Young is blind and uses screen reader technology to access information on the internet. He sat down recently with the USA TODAY network as part of its statewide survey on the quality of information on local government websites.

"Everything's online basically now. The pushback from the blind community is, we need guidelines because you have guidelines for everything else."

The main culprit? The now ubiquitous PDF document. "Usually PDF files, they will not be read by screen readers because there's nothing for them to detect", says Young. "A good example of that would be from Monroe County; a lot of their forms are PDF documents and they are applications for things but you cannot fill them out."

Screen readers enable people to listen to the text on a computer screen or program but as Adobe Systems, the company behind the Portable Document Format (PDF) acknowledges in its own literature: "Unfortunately, PDF and screen readers do not always interact as users would like. The main barrier to accessibility is that PDF documents are not always designed by their authors to be compatible with screen readers."

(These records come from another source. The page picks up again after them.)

(* Let $f_\theta$ be a model. For every $f^*\in\mathcal F$, $O_{f_\theta}(f^* )=\operatorname{rank}_{f_\theta}(f^* )$.
   Context: A model is a map $f:\mathbb R^d\times\mathbb R^M\to\mathbb R$, $(x,\theta)\mapsto f(x;\theta)=f_\theta(x)$, differentiable in both $x$ and $\theta$; its function space is $\mathcal F=\{f_\theta:\theta\in\mathbb R^M\}$. The loss $\ell:\mathbb R\times\mathbb R\to[0,\infty)$ is continuously differentiable with $\ell(u,v)=0$ iff $u=v$. For $f^*\in\mathcal F$, the target set is $\mathcal M_{f^*}=\{\theta: f_\theta=f^*\}$. A dataset from $f^*$ of size $n$ is $S=\{(x_i,f^*(x_i))\}_{i=1}^n$; the empirical loss of $g:\mathbb R^d\to\mathbb R$ is $\frac1n\sum_{i=1}^n\ell(g(x_i),f^*(x_i))$ (identically $0$ if $n=0$). The tangent function hyperplane at $\theta'$ is $\widetilde{\mathcal T}_{\theta'}=\{f(\cdot;\theta')+a^\top\nabla_\theta f(\cdot;\theta'):a\in\mathbb R^M\}$. $f^*$ has LLR-guarantee at $\theta'\in\mathcal M_{f^*}$ from $S$ if the set of minimizers of the empirical loss over $\widetilde{\mathcal T}_{\theta'}$ is exactly $\{f^*\}$; $f^*$ has $n$-sample LLR-guarantee if there exist a dataset $S$ from $f^*$ of size $n$ and $\theta'\in\mathcal M_{f^*}$ such that $f^*$ has LLR-guarantee at $\theta'$ from $S$. The optimistic sample size $O_{f_\theta}(f^* )$ is the smallest $n\geq 0$ such that $f^*$ has $n$-sample LLR-guarantee. The model rank at $\theta$ is $\operatorname{rank}_{f_\theta}(\theta)=\dim\operatorname{span}\{\partial_{\theta_i}f(\cdot;\theta)\}_{i=1}^M$, and the model rank of $f^*$ is $\operatorname{rank}_{f_\theta}(f^* )=\min_{\theta'\in\mathcal M_{f^*}}\operatorname{rank}_{f_\theta}(\theta')$. *)

From HB Require Import structures.
From mathcomp Require Import all_boot all_order all_algebra.
From mathcomp Require Import all_classical all_reals all_analysis.
Set Implicit Arguments. Unset Strict Implicit. Unset Printing Implicit Defensive.
Import Order.TTheory GRing.Theory Num.Theory.
Import numFieldNormedType.Exports.
Local Open Scope ring_scope.

Section LLR.
Variable R : realType.

Definition is_model (d M : nat) (f : 'rV[R]_d -> 'rV[R]_M -> R) : Prop :=
  forall (x : 'rV[R]_d) (th : 'rV[R]_M),
    differentiable (fun p : 'rV[R]_d * 'rV[R]_M => f p.1 p.2) (x, th).

Definition is_loss (l : R -> R -> R) : Prop :=
  [/\ forall u v, 0 <= l u v,
      forall u v, l u v = 0 <-> u = v,
      forall p : R * R, differentiable (fun q : R * R => l q.1 q.2) p &
      forall v : R * R, continuous (fun p : R * R => derive (fun q : R * R => l q.1 q.2) p v)].

Definition pderiv (d M : nat) (f : 'rV[R]_d -> 'rV[R]_M -> R)
  (th : 'rV[R]_M) (i : 'I_M) : 'rV[R]_d -> R :=
  fun x => derive (f x) th (delta_mx 0 i).

Definition fth (d M : nat) (f : 'rV[R]_d -> 'rV[R]_M -> R) (th : 'rV[R]_M)
  : 'rV[R]_d -> R := fun x => f x th.

Definition target_set (d M : nat) (f : 'rV[R]_d -> 'rV[R]_M -> R)
  (fstar : 'rV[R]_d -> R) : set 'rV[R]_M := [set th | fth f th = fstar].

(* empirical loss of g on the dataset {(xs i, fstar (xs i))}_{i<n};
   for n = 0 this is 0 (0^-1 = 0 and the empty sum is 0). *)
Definition emp_loss (d n : nat) (l : R -> R -> R) (xs : 'I_n -> 'rV[R]_d)
  (fstar g : 'rV[R]_d -> R) : R :=
  (n%:R)^-1 * \sum_(i < n) l (g (xs i)) (fstar (xs i)).

Definition tangent_hyperplane (d M : nat) (f : 'rV[R]_d -> 'rV[R]_M -> R)
  (th : 'rV[R]_M) : set ('rV[R]_d -> R) :=
  [set g | exists a : 'rV[R]_M,
     g = fun x => f x th + \sum_(i < M) a 0 i * pderiv f th i x].

Definition LLR_guarantee (d M n : nat) (f : 'rV[R]_d -> 'rV[R]_M -> R)
  (l : R -> R -> R) (fstar : 'rV[R]_d -> R) (th : 'rV[R]_M)
  (xs : 'I_n -> 'rV[R]_d) : Prop :=
  forall g : 'rV[R]_d -> R,
    (tangent_hyperplane f th g /\
     forall h, tangent_hyperplane f th h ->
       emp_loss l xs fstar g <= emp_loss l xs fstar h)
    <-> g = fstar.

(* n-sample LLR-guarantee; a dataset of size n is n distinct inputs *)
Definition n_sample_LLR (d M : nat) (f : 'rV[R]_d -> 'rV[R]_M -> R)
  (l : R -> R -> R) (fstar : 'rV[R]_d -> R) (n : nat) : Prop :=
  exists (xs : 'I_n -> 'rV[R]_d) (th : 'rV[R]_M),
    injective xs /\ target_set f fstar th /\ LLR_guarantee f l fstar th xs.

Definition is_optimistic_sample_size (d M : nat) (f : 'rV[R]_d -> 'rV[R]_M -> R)
  (l : R -> R -> R) (fstar : 'rV[R]_d -> R) (n : nat) : Prop :=
  n_sample_LLR f l fstar n /\ forall m, n_sample_LLR f l fstar m -> (n <= m)%N.

(* r = dim span {pderiv f th i}_{i<M} (in the space of functions R^d -> R):
   there is a basis b_1..b_r of that span *)
Definition rank_at (d M : nat) (f : 'rV[R]_d -> 'rV[R]_M -> R)
  (th : 'rV[R]_M) (r : nat) : Prop :=
  exists b : 'I_r -> ('rV[R]_d -> R),
    [/\ forall j, exists c : 'I_M -> R,
          b j = fun x => \sum_(i < M) c i * pderiv f th i x,
        forall i, exists c : 'I_r -> R,
          pderiv f th i = fun x => \sum_(j < r) c j * b j x &
        forall c : 'I_r -> R,
          (forall x, \sum_(j < r) c j * b j x = 0) -> forall j, c j = 0].

Definition is_model_rank (d M : nat) (f : 'rV[R]_d -> 'rV[R]_M -> R)
  (fstar : 'rV[R]_d -> R) (r : nat) : Prop :=
  (exists th, target_set f fstar th /\ rank_at f th r) /\
  forall th r', target_set f fstar th -> rank_at f th r' -> (r <= r')%N.

End LLR.

From HB Require Import structures.
From mathcomp Require Import all_boot all_order all_algebra.
From mathcomp Require Import all_classical all_reals all_analysis.
Set Implicit Arguments. Unset Strict Implicit. Unset Printing Implicit Defensive.
Import Order.TTheory GRing.Theory Num.Theory.
Local Open Scope ring_scope.

(* For finitely many functions p_1..p_M one constructs, inductively in M, a
   basis b_1..b_r of their span together with nodes y_1..y_r such that
   b_j(y_k) = delta_jk: a new function either lies in the current span or its
   residual after interpolation at the nodes is nonzero at some point x0,
   which becomes the next node.  At a parameter th with f_th = f*, a tangent
   function minimises the empirical loss iff its loss is zero, i.e. iff its
   tangent direction vanishes on the data; so the LLR-guarantee from a data
   set means that the data determine tangent directions.  The nodes of the
   Lagrange basis of the partial derivatives are such a data set of size
   r = rank at th, and any such data set makes evaluation injective on the
   span, so it has at least r points.  It remains to minimise over the
   target set on both sides. *)

Definition ord_ext (T : Type) m (t0 : T) (F : 'I_m -> T) (k : nat) : T :=
  if insub k is Some i then F i else t0.

Lemma ord_extE (T : Type) m (t0 : T) (F : 'I_m -> T) (i : 'I_m) : ord_ext t0 F i = F i.
Proof. by rewrite /ord_ext valK. Qed.

Section Span.
Variables (R : fieldType) (X : Type).
Implicit Types (p b : nat -> X -> R) (g h : X -> R).

(* Families are indexed by nat, only the first m members mattering; this makes
   the inductive construction of Lagrange bases a matter of appending one
   member. *)
Definition in_span m p g :=
  exists c : nat -> R, g = fun x => \sum_(i < m) c i * p i x.

Lemma eq_in_span m p g h : (forall x, g x = h x) -> in_span m p h -> in_span m p g.
Proof. by move=> /funext ->. Qed.

Lemma in_span0 m p : in_span m p (fun _ => 0).
Proof.
by exists (fun _ => 0); apply: funext => x; rewrite big1 // => i _; rewrite mul0r.
Qed.

Lemma in_spanD m p g h : in_span m p g -> in_span m p h ->
  in_span m p (fun x => g x + h x).
Proof.
move=> [c ->] [e ->]; exists (fun i => c i + e i); apply: funext => x.
by rewrite -big_split; apply: eq_bigr => i _; rewrite mulrDl.
Qed.

Lemma in_spanZ m p a g : in_span m p g -> in_span m p (fun x => a * g x).
Proof.
move=> [c ->]; exists (fun i => a * c i); apply: funext => x.
by rewrite mulr_sumr; apply: eq_bigr => i _; rewrite mulrA.
Qed.

Lemma in_span_sum m p r b (a : nat -> R) :
  (forall j, (j < r)%N -> in_span m p (b j)) ->
  in_span m p (fun x => \sum_(j < r) a j * b j x).
Proof.
elim: r => [|r IHr] hb.
  by apply: (eq_in_span _ (in_span0 m p)) => x; rewrite big_ord0.
apply: (eq_in_span (h := fun x => \sum_(j < r) a j * b j x + a r * b r x)).
  by move=> x; rewrite big_ord_recr.
apply: in_spanD; first by apply: IHr => j /leqW; apply: hb.
exact/in_spanZ/hb.
Qed.

Lemma sum_kronecker r k (F : nat -> R) : (k < r)%N ->
  \sum_(j < r) ((j : nat) == k)%:R * F j = F k.
Proof.
move=> kr; rewrite (bigD1 (Ordinal kr)) //= eqxx mul1r big1 ?addr0 // => j jk.
rewrite (_ : (j : nat) == k = false) ?mul0r //.
by apply/negbTE; apply: contra jk => /eqP jk; apply/eqP/val_inj.
Qed.

Lemma in_span_mem m p i : (i < m)%N -> in_span m p (p i).
Proof.
move=> im; exists (fun j => (j == i)%:R); apply: funext => x.
by rewrite (sum_kronecker (fun j => p j x)).
Qed.

Lemma in_span_trans m p s q g : (forall i, (i < m)%N -> in_span s q (p i)) ->
  in_span m p g -> in_span s q g.
Proof. by move=> hp [c ->]; apply: in_span_sum. Qed.

Lemma in_spanS m p g : in_span m p g -> in_span m.+1 p g.
Proof.
by apply: (in_span_trans (m := m) (p := p)) => i /leqW; apply: in_span_mem.
Qed.

Definition lagrange_nodes r b (ys : nat -> X) :=
  forall j k, (j < r)%N -> (k < r)%N -> b j (ys k) = (j == k)%:R.

Section Lagrange.
Variables (r : nat) (b : nat -> X -> R) (ys : nat -> X).
Hypothesis bys : lagrange_nodes r b ys.

Lemma lagrange_coef (c : nat -> R) k : (k < r)%N ->
  \sum_(j < r) c j * b j (ys k) = c k.
Proof.
by move=> kr; rewrite -(sum_kronecker c kr); apply: eq_bigr => j _; rewrite bys // mulrC.
Qed.

Lemma lagrange_eq0 g : in_span r b g -> (forall k, (k < r)%N -> g (ys k) = 0) ->
  forall x, g x = 0.
Proof.
move=> [c ->] g0 x /=; rewrite big1 // => j _.
by move: (g0 j (ltn_ord j)); rewrite lagrange_coef // => ->; rewrite mul0r.
Qed.

Lemma lagrange_le_span r' B : (forall j, (j < r)%N -> in_span r' B (b j)) ->
  (r <= r')%N.
Proof.
move=> bB; pose E : 'M[R]_(r', r) := \matrix_(l, k) B l (ys k).
have : (1%:M <= E)%MS.
  apply/row_subP => j; apply/submxP; have [c bj] := bB j (ltn_ord j).
  exists (\row_l c l); apply/rowP => k.
  rewrite !mxE (_ : (j == k)%:R = b j (ys k)); last by rewrite bys.
  by rewrite bj; apply: eq_bigr => l _; rewrite !mxE.
by move/mxrankS; rewrite mxrank1 => /leq_trans; apply; apply: rank_leq_row.
Qed.

Lemma lagrange_le_nodes n (xs : 'I_n -> X) :
  (forall g, in_span r b g -> (forall k, g (xs k) = 0) -> forall x, g x = 0) ->
  (r <= n)%N.
Proof.
move=> xs_uni; pose D : 'M[R]_(r, n) := \matrix_(j, k) b j (xs k).
suff /eqP <- : row_free D by apply: rank_leq_col.
apply: inj_row_free => v vD0.
pose c := ord_ext 0 (v 0).
have cE (j : 'I_r) : c j = v 0 j by apply: ord_extE.
have G0 := xs_uni _ (in_span_sum c (fun j jr => in_span_mem b jr)).
apply/rowP => j; rewrite mxE -cE -(lagrange_coef c (ltn_ord j)) G0 // => k.
move/rowP/(_ k): vD0; rewrite !mxE; apply: eq_trans.
by apply: eq_bigr => i _; rewrite cE mxE.
Qed.

Section Extension.
Variables (g : X -> R) (x0 : X).
Hypotheses (g_nodes : forall k, (k < r)%N -> g (ys k) = 0) (g_x0 : g x0 = 1).

Definition extend_basis j := if (j < r)%N then fun x => b j x - b j x0 * g x else g.
Definition extend_nodes k := if (k < r)%N then ys k else x0.

Lemma extend_basis_last : extend_basis r = g.
Proof. by rewrite /extend_basis ltnn. Qed.

Lemma lagrange_nodes_extend : lagrange_nodes r.+1 extend_basis extend_nodes.
Proof.
move=> j k; rewrite ltnS leq_eqVlt => /predU1P[->|jr];
  rewrite ltnS leq_eqVlt => /predU1P[->|kr].
- by rewrite extend_basis_last /extend_nodes ltnn g_x0 eqxx.
- by rewrite extend_basis_last /extend_nodes kr g_nodes // eq_sym ltn_eqF.
- by rewrite /extend_basis /extend_nodes jr ltnn g_x0 mulr1 subrr ltn_eqF.
- by rewrite /extend_basis /extend_nodes jr kr g_nodes // mulr0 subr0 bys.
Qed.

Lemma in_span_extend_basis j : (j < r)%N -> in_span r.+1 extend_basis (b j).
Proof.
move=> jr.
apply: (eq_in_span (h := fun x => extend_basis j x + b j x0 * extend_basis r x)).
  by move=> x; rewrite extend_basis_last /extend_basis jr subrK.
by apply: in_spanD; [apply/in_span_mem/leqW | apply/in_spanZ/in_span_mem].
Qed.

Lemma extend_basis_in_span m p : (forall j, (j < r)%N -> in_span m p (b j)) ->
  in_span m p g -> forall j, (j < r.+1)%N -> in_span m p (extend_basis j).
Proof.
move=> bp gp j; rewrite ltnS leq_eqVlt => /predU1P[->|jr].
  by rewrite extend_basis_last.
apply: (eq_in_span (h := fun x => b j x + (- b j x0) * g x)).
  by move=> x; rewrite /extend_basis jr mulNr.
by apply: in_spanD; [apply: bp | apply: in_spanZ].
Qed.

End Extension.

Lemma lagrange_nodes_injective : injective (fun k : 'I_r => ys k).
Proof.
move=> j k /= yjk; apply/val_inj/eqP.
have := bys (ltn_ord j) (ltn_ord k); rewrite -yjk bys // eqxx.
by case: (_ == _) => //= /eqP; rewrite mulr0n oner_eq0.
Qed.

End Lagrange.

Definition lagrange_basis m p r b ys :=
  [/\ forall j, (j < r)%N -> in_span m p (b j),
      forall i, (i < m)%N -> in_span r b (p i) & lagrange_nodes r b ys].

The USA TODAY statewide survey of local government websites found PDFs aplenty with the vast majority of them providing financial information and meeting minutes.

The good news is there are fixes available, but they involve additional steps for those authoring documents (and possibly software upgrades) to create "tagged" PDFs that make the text "machine-readable."

On graphics-heavy websites, full accessibility also means ensuring there is alternative text alongside images. Here's what that looks like on the Monroe County home page.

To replicate some of the issues that Justin Young runs into on other pages of the Monroe County website, you can plug any website URL into a tool called WAVE, a project of the Center for Persons with Disabilities at Utah State.

The site generates a report of faults, alerts and features for every web page based on their accessibility.

Stephanie Woodward of the Center for Disability Rights in Rochester says non-compliance can have implications for all local governments, including vulnerability to legal action.

"Denying access to communication is a violation of a civil right and only increases isolation and degradation. Access to communication includes access to internet content. As the internet grows in content and significance, it also grows increasingly inaccessible. While websites with flash and other plug-ins are visually appealing, their content cannot be accessed by an individual who is blind or has difficulty seeing."

Steve Acquario, executive director at New York State Association of Counties, said that his organization conducted an informal audit of its membership last fall on the accessibility issue.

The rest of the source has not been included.